A proper bivariate logistic regression with both $P_1$ and $P_2$ as predictors, taking into account correlations between response types and within subjects, might give you a structure within which you could do something close to what you want. Otherwise you have several types of large problems.
If you are trying to compare two different models on two different data sets, as a quick look at your question might suggest, then the following comment by @whuber on this question about comparing models applies: "If model A fits dataset 1 and model B fits dataset 2, there's nothing at all to compare: the models and the data are totally different." There are ways to use measures like residual variance, fraction of log-likelihood explained, or AIC to compare models (see for example answers in and links from the question linked above). You will find that some question whether some such comparisons are valid for non-nested models, but even those who claim such validity note that the models need to be on the same data.
Of course, you don't really have two independent data sets. You have multiple blocks of trials on the same subjects, with values of 2 continuous covariates for each subject in each block and 2 types of binary responses measured in different blocks. Both the covariates and the response types are evidently correlated. It would seem best to approach this problem with a single coherent model.
Even with a single response variable, determining which of two predictors is "better" can be fraught with difficulty. On this site, the tag feature-selection covers such issues. For example, When you leave out predictors that might be correlated both with included predictors and with outcome in a linear regression, the signs of regression coefficients for the included predictors can differ from what they would be in a full model. Follow the simpsons-paradox tag on this site for examples in several contexts.
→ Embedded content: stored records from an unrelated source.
Record Endofunctor (G : EICategory) := {
  fob : Ob G -> Ob G;
  fmor : forall x y, @Hom G x y -> @Hom G (fob x) (fob y);
  fmor_id : forall x, fmor (idm x) = idm (fob x);
  fmor_cmp : forall x y z (a : @Hom G y z) (b : @Hom G x y),
      fmor (cmp a b) = cmp (fmor a) (fmor b)
}.

Section Modules.
Variables (R : comPzRingType) (G : EICategory).

Definition lin (U V : lmodType R) (f : U -> V) : Prop :=
  forall (a : R) (u v : U), f (a *: u + v) = a *: f u + f v.

(* RG-modules: contravariant functors G -> R-modules *)
Record RGmod := {
  mob : Ob G -> lmodType R;
  mact : forall x y, @Hom G y x -> mob x -> mob y;
  mact_lin : forall x y (a : @Hom G y x), lin (mact a);
  mact_id : forall x (m : mob x), mact (idm x) m = m;
  mact_cmp : forall x y z (a : @Hom G y x) (b : @Hom G z y) (m : mob x),
      mact (cmp a b) m = mact b (mact a m)
}.
Arguments mact r {x y}.

Definition natural (M N : RGmod) (t : forall x, mob M x -> mob N x) : Prop :=
  (forall x, lin (t x)) /\
  forall x y (a : @Hom G y x) (m : mob M x), t y (mact M a m) = mact N a (t x m).

(* M is finitely generated free, i.e. isomorphic to a finite sum
   \oplus_{i<k} R G(?, x_i) = \oplus_{i<k} R[Mor(?, x_i)]: there are b_i in M(x_i)
   such that for every y the elements M(a)(b_i), (i, a : y -> x_i), form an
   R-basis of M(y).  (This is what the isomorphism unfolds to via Yoneda.) *)
Definition is_basis (V : lmodType R) (I : Type) (v : I -> V) : Prop :=
  (forall m : V, exists (s : seq I) (c : I -> R), m = \sum_(j <- s) c j *: v j) /\
  (forall (s : seq I) (c : I -> R), List.NoDup s ->
      \sum_(j <- s) c j *: v j = 0 -> forall j, List.In j s -> c j = 0).

Definition fg_free (M : RGmod) : Prop :=
  exists (k : nat) (xs : 'I_k -> Ob G) (b : forall i, mob M (xs i)),
    forall y, is_basis (fun p : {i : 'I_k & @Hom G y (xs i)} =>
                          mact M (projT2 p) (b (projT1 p))).

Variable phi : Endofunctor G.

Definition phi_natural (M : RGmod) (g : forall x, mob M x -> mob M (fob phi x)) : Prop :=
  (forall x, lin (g x)) /\
  forall x y (a : @Hom G y x) (m : mob M x), g y (mact M a m) = mact M (fmor phi a) (g x m).

(* objects of the exact category defining U(R, G, phi) *)
Record PhiEnd := {
  pe_mod : RGmod;
  pe_free : fg_free pe_mod;
  pe_map : forall x, mob pe_mod x -> mob pe_mod (fob phi x);
  pe_nat : phi_natural pe_map
}.

Definition pe_hom (E E' : PhiEnd)
    (tau : forall x, mob (pe_mod E) x -> mob (pe_mod E') x) : Prop :=
  natural tau /\
  forall x (m : mob (pe_mod E) x), pe_map (tau x m) = tau (fob phi x) (pe_map m).

Definition pe_iso (E E' : PhiEnd) : Prop :=
  exists (tau : forall x, mob (pe_mod E) x -> mob (pe_mod E') x)
         (sig : forall x, mob (pe_mod E') x -> mob (pe_mod E) x),
    pe_hom tau /\ pe_hom sig /\
    (forall x m, sig x (tau x m) = m) /\ (forall x m, tau x (sig x m) = m).

Definition pe_ses (A B C : PhiEnd)
    (tau : forall x, mob (pe_mod A) x -> mob (pe_mod B) x)
    (sig : forall x, mob (pe_mod B) x -> mob (pe_mod C) x) : Prop :=
  pe_hom tau /\ pe_hom sig /\
  forall x, injective (tau x) /\
            (forall c, exists b, sig x b = c) /\
            (forall b, sig x b = 0 <-> exists a, tau x a = b).

(* K_0 of this exact category: formal Z-combinations of objects (a list of
   signed objects; true = +, false = -) modulo the congruence generated by the
   abelian group laws, isomorphism invariance and [B] = [A] + [C] for short
   exact sequences.  K0eq l l' means l and l' define the same element of
   U(R, G, phi). *)
Inductive K0eq : seq (bool * PhiEnd) -> seq (bool * PhiEnd) -> Prop :=
| K0_refl l : K0eq l l
| K0_sym l l' : K0eq l l' -> K0eq l' l
| K0_trans l1 l2 l3 : K0eq l1 l2 -> K0eq l2 l3 -> K0eq l1 l3
| K0_perm l l' : Permutation l l' -> K0eq l l'
| K0_app l1 l2 l3 l4 : K0eq l1 l2 -> K0eq l3 l4 -> K0eq (l1 ++ l3) (l2 ++ l4)
| K0_cancel E : K0eq [:: (true, E); (false, E)] [::]
| K0_iso E E' : pe_iso E E' -> K0eq [:: (true, E)] [:: (true, E')]
| K0_ses A B C tau sig : @pe_ses A B C tau sig ->
    K0eq [:: (true, B)] [:: (true, A); (true, C)].

End Modules.

Arguments mact {R G} r {x y}.

Section Complexes.
Variables (R : comPzRingType) (G : EICategory).

Local Unset Implicit Arguments.
Record Complex := {
  cmod : int -> RGmod R G;
  cfree : forall n, fg_free (cmod n);
  cd : forall n x, mob (cmod (n + 1)) x -> mob (cmod n) x;
  cd_nat : forall n, natural (cd n);
  cdd : forall n x (m : mob (cmod (n + 1 + 1)) x), cd n x (cd (n + 1) x m) = 0;
  cbound : nat;
  cbound_spec : forall n : int, (n < - (cbound%:Z) \/ cbound%:Z < n) ->
      forall x (m : mob (cmod n) x), m = 0
}.
Local Set Implicit Arguments.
Using logistic regressions adds another layer of complexity to comparing predictors: absence of a predictor can affect the regression coefficients even of predictors that are uncorrelated to it. The variance in logistic regression, in a true model, only includes variance from random effects plus an assumed fixed variance from the logistic distribution of the error term (or equivalently from the combination of binomial family with logit link). When you remove a true fixed predictor from a logistic model, the added variance due to removing the predictor cannot be picked up in the fixed-variance error term and will change the coefficients of all the remaining predictors. This 2010 paper by Carina Mood illustrates the problem. This freely available working paper by Maarten Buis presents a less pessimistic view. But even he concludes: "It is indeed problematic to compare coefficients across models with different sets of explanatory variables, since effects on chances are supposed to change when variables are added to the model even if they are uncorrelated with the other explanatory variables."
So for any comparisons you need to include both $P_1$ and $P_2$ in modeling both $B_1$ and $B_2$.
Then you have the problem of two binomial response variables. In the extreme, what if the probability of success for one response is 1% while that for the other response is 50%? There's not much unexplained variance for the first response even without predictors, but there's a lot for the other.
The best I can figure out to provide something close to what you want would be to develop a true bivariate model (i.e., with both response types and their correlations taken into account) with both your fixed effects as predictors and with appropriate handling of random effects. Then you have a single data set and rigorous model within which you might be able to evaluate whether $P_1$ or $P_2$ is a "more important" predictor for the model as a whole. If your a priori sense that $P_1$ is unrelated to $B_2$ (and vice-versa for the other predictor-response pair) is correct, then the result of that comparison within the combined model would seem to provide a test of your desired hypothesis. You will also be able to test your a priori sense about the cross-effects of the predictors on the responses.